**Instructions to follow**
Please copy out every line in the entries that includes the word "ltac".
'''
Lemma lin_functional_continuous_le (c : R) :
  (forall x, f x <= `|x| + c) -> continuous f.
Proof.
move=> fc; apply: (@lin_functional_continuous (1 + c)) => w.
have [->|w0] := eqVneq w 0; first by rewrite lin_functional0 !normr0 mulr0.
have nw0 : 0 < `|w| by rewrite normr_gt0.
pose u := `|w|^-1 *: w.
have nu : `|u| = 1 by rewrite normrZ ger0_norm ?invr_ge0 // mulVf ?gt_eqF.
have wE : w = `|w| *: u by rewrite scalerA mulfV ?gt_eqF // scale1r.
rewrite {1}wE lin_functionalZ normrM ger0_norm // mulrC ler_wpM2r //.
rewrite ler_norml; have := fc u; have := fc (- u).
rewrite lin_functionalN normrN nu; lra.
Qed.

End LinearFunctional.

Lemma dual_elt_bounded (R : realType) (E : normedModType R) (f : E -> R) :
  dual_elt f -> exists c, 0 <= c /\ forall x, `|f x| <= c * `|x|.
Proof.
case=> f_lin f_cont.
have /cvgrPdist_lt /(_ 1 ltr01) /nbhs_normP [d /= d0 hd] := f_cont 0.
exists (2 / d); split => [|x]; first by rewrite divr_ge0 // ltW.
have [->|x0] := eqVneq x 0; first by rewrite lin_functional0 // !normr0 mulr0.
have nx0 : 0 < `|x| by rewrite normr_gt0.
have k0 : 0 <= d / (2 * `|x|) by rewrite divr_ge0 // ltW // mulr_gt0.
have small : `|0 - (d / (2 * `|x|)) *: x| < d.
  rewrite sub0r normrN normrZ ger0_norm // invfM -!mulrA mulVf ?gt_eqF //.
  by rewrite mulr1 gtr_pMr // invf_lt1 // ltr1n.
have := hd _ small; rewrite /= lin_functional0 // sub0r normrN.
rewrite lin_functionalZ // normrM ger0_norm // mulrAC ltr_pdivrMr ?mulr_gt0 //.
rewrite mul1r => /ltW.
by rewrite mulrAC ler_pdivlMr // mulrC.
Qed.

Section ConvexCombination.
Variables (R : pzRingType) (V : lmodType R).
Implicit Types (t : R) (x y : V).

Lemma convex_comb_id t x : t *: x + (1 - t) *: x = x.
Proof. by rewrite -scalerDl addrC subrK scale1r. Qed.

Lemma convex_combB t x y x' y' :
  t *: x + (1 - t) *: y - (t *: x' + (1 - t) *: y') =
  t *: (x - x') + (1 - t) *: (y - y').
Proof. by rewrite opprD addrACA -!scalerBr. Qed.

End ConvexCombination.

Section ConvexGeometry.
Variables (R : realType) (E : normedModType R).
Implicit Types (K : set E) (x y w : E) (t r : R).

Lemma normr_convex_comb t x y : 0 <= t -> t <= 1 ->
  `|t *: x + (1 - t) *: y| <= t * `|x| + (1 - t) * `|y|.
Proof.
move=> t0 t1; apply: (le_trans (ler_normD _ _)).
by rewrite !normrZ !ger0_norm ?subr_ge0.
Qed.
'''
'''
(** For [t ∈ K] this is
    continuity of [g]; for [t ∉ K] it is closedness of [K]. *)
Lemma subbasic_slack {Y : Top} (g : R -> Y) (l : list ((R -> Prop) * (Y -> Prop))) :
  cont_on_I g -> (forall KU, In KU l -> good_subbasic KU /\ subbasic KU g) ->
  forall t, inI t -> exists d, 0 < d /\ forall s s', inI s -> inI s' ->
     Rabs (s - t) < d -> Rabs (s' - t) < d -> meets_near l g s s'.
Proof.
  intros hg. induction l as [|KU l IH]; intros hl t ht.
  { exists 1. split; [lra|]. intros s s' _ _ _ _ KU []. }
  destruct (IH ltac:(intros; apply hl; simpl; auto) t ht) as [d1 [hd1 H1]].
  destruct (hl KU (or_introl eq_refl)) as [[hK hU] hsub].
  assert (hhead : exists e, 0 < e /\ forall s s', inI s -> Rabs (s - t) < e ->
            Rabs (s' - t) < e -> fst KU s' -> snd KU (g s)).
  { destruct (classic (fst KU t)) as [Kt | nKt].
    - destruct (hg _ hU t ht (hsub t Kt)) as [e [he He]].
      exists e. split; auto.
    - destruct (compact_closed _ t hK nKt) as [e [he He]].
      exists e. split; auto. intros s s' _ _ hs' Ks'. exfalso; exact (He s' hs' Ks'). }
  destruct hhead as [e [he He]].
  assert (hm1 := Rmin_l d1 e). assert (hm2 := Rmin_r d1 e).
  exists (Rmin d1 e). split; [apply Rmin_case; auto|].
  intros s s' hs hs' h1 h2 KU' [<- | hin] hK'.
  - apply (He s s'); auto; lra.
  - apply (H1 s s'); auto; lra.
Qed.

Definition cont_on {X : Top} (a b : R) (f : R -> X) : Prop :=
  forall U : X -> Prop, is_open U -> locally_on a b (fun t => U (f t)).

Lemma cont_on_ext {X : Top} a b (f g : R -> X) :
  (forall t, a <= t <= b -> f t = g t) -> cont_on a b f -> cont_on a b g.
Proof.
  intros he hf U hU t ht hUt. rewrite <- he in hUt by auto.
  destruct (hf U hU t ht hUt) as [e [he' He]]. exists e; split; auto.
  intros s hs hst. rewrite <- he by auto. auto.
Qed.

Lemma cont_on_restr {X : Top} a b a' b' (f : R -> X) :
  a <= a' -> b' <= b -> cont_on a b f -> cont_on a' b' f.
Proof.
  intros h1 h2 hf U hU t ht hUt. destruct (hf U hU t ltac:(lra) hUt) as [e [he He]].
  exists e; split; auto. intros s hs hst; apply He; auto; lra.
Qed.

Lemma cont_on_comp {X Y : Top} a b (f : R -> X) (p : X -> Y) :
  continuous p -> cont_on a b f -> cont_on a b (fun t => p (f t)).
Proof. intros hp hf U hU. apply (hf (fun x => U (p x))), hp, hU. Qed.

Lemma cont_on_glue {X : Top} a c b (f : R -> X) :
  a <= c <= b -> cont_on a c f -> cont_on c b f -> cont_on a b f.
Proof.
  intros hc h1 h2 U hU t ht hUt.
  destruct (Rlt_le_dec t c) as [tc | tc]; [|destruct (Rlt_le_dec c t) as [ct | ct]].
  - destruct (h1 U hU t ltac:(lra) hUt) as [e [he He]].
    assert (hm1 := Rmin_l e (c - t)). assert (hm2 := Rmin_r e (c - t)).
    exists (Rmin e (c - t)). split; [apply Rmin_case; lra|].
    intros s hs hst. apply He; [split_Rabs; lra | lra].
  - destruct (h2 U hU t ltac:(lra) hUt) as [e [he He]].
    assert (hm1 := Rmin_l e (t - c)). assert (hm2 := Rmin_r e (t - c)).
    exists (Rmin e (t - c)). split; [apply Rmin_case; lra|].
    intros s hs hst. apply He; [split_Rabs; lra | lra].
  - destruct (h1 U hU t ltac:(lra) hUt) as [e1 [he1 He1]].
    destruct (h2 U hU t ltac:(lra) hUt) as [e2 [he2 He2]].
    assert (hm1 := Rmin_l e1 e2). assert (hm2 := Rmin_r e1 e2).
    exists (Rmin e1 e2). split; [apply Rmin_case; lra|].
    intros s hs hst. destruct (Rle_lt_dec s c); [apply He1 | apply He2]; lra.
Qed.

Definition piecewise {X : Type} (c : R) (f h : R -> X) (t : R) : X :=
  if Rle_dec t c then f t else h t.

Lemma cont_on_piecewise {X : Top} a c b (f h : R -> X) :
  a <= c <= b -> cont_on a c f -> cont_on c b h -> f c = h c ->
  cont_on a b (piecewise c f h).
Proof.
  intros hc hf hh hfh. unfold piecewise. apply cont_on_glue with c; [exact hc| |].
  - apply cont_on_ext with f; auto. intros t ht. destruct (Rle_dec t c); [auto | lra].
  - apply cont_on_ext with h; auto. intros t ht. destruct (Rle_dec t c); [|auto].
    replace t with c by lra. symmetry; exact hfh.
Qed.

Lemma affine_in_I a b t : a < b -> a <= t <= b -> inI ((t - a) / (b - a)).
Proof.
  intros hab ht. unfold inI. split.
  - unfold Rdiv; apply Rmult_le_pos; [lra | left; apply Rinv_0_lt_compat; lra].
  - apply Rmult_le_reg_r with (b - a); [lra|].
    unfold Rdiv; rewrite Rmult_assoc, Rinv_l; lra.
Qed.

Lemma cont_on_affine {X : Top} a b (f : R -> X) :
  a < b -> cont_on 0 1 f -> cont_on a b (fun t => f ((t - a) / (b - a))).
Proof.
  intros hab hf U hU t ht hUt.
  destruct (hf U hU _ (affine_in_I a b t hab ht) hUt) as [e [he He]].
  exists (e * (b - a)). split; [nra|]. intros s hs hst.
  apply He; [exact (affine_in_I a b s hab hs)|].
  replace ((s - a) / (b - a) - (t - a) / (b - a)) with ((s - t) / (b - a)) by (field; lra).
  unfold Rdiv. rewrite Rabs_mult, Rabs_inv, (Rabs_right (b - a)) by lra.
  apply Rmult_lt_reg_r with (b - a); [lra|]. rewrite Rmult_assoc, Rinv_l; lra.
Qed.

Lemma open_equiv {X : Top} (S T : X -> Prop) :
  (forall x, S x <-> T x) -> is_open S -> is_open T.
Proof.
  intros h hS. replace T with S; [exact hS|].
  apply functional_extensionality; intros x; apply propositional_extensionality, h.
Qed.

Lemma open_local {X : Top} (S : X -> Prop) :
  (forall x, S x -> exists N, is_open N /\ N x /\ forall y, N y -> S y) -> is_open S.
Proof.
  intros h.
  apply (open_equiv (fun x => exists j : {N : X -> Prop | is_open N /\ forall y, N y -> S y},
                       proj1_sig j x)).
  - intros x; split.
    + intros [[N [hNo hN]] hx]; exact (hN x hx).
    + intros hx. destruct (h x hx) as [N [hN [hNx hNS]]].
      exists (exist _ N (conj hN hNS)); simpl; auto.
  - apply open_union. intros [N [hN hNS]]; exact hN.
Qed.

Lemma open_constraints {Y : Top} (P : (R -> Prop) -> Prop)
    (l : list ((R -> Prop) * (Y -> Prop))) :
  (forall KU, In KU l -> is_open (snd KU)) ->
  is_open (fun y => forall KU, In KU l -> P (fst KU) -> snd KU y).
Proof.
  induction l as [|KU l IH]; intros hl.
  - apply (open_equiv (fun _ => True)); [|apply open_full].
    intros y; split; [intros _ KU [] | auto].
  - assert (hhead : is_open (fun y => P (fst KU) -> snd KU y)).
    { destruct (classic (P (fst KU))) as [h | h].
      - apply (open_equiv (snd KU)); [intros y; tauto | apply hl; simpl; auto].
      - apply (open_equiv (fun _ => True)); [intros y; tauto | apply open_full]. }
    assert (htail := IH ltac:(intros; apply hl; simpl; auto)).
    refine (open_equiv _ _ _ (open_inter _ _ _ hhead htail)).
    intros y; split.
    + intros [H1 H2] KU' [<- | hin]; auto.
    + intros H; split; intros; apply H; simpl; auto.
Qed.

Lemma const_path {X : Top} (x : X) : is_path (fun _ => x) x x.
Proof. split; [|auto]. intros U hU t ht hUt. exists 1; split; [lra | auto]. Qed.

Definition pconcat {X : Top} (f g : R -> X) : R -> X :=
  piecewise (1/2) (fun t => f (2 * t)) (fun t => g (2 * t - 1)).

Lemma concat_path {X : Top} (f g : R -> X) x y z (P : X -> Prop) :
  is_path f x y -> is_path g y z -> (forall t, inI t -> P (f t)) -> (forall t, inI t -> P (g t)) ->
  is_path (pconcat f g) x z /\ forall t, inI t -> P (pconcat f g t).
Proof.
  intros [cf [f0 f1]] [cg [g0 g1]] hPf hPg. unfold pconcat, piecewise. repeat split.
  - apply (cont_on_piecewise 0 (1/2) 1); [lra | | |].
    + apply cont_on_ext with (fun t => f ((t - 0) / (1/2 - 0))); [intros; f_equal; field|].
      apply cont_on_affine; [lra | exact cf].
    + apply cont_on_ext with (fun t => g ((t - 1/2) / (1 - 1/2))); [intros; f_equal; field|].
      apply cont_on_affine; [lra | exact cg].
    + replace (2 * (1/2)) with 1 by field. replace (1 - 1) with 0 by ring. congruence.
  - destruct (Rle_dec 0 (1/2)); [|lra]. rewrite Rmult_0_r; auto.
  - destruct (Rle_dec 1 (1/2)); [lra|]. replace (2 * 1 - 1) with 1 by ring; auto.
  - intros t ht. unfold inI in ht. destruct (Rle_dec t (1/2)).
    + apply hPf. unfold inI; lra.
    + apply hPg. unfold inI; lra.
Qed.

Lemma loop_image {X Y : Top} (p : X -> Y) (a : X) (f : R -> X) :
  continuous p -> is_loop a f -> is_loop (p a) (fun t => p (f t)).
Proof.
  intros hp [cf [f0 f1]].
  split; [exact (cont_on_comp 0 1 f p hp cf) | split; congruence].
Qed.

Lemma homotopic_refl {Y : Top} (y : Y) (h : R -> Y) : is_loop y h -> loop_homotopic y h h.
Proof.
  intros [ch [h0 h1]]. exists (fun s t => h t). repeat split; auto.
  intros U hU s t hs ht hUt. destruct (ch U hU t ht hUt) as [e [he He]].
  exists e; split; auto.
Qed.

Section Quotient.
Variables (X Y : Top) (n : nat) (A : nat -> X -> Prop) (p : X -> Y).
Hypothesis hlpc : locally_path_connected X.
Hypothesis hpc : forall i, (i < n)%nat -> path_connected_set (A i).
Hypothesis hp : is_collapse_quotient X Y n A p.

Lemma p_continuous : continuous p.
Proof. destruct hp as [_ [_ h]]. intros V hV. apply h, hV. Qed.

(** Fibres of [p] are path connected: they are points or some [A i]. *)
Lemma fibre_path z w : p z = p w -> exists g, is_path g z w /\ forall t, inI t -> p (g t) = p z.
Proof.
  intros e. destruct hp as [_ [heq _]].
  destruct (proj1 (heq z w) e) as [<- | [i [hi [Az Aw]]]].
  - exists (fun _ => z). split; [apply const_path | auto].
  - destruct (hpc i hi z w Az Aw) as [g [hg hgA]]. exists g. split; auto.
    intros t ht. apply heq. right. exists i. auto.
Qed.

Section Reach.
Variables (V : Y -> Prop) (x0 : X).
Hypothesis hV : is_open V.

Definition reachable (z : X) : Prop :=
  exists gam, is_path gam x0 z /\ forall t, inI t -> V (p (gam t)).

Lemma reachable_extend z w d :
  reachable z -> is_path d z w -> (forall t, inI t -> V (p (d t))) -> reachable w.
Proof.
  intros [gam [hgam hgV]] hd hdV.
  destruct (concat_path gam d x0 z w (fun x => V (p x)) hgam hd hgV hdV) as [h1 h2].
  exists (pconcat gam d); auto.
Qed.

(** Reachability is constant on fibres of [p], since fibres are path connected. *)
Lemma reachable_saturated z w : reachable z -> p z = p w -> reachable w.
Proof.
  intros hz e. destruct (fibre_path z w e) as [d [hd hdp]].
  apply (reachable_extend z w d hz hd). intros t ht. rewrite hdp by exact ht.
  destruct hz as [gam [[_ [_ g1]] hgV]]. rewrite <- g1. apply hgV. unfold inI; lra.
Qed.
'''
'''
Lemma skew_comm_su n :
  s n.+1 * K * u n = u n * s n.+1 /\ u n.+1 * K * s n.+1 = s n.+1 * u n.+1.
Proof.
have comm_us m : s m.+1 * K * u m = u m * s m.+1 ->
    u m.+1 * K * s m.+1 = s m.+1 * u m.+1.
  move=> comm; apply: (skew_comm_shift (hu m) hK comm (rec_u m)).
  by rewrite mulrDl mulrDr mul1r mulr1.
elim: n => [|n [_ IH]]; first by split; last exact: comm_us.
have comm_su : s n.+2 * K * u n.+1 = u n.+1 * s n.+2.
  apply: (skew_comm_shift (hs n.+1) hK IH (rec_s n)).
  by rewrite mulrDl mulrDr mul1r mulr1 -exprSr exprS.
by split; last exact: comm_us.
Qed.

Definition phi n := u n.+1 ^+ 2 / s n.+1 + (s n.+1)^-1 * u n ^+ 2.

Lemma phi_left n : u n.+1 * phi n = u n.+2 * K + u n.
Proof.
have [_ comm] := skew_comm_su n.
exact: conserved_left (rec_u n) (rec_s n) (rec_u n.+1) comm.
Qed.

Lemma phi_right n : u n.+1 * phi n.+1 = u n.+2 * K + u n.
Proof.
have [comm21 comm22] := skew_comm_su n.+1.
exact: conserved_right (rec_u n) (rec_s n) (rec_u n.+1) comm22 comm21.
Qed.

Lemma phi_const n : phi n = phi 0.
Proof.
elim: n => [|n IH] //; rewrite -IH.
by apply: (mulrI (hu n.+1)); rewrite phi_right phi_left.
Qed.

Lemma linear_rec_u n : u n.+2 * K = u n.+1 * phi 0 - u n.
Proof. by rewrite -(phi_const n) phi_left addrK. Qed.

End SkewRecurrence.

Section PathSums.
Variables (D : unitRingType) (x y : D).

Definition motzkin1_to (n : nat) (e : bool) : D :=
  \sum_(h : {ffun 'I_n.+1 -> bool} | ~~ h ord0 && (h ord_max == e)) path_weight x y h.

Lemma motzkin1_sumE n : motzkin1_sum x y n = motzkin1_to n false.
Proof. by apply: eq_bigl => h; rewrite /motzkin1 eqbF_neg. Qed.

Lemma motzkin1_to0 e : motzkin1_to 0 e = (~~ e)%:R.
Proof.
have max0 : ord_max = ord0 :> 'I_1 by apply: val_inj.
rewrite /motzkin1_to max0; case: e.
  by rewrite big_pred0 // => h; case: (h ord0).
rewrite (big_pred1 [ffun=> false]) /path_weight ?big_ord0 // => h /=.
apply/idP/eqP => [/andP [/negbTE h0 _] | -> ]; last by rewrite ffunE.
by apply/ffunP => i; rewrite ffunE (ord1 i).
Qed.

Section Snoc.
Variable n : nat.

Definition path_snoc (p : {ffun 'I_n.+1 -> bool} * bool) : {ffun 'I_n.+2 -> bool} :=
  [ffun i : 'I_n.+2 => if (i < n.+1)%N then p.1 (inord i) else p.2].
'''
**Written response**
  destruct (IH ltac:(intros; apply hl; simpl; auto) t ht) as [d1 [hd1 H1]].
  intros h1 h2 hf U hU t ht hUt. destruct (hf U hU t ltac:(lra) hUt) as [e [he He]].
  - destruct (h1 U hU t ltac:(lra) hUt) as [e [he He]].
  - destruct (h2 U hU t ltac:(lra) hUt) as [e [he He]].
  - destruct (h1 U hU t ltac:(lra) hUt) as [e1 [he1 He1]].
    destruct (h2 U hU t ltac:(lra) hUt) as [e2 [he2 He2]].
    assert (htail := IH ltac:(intros; apply hl; simpl; auto)).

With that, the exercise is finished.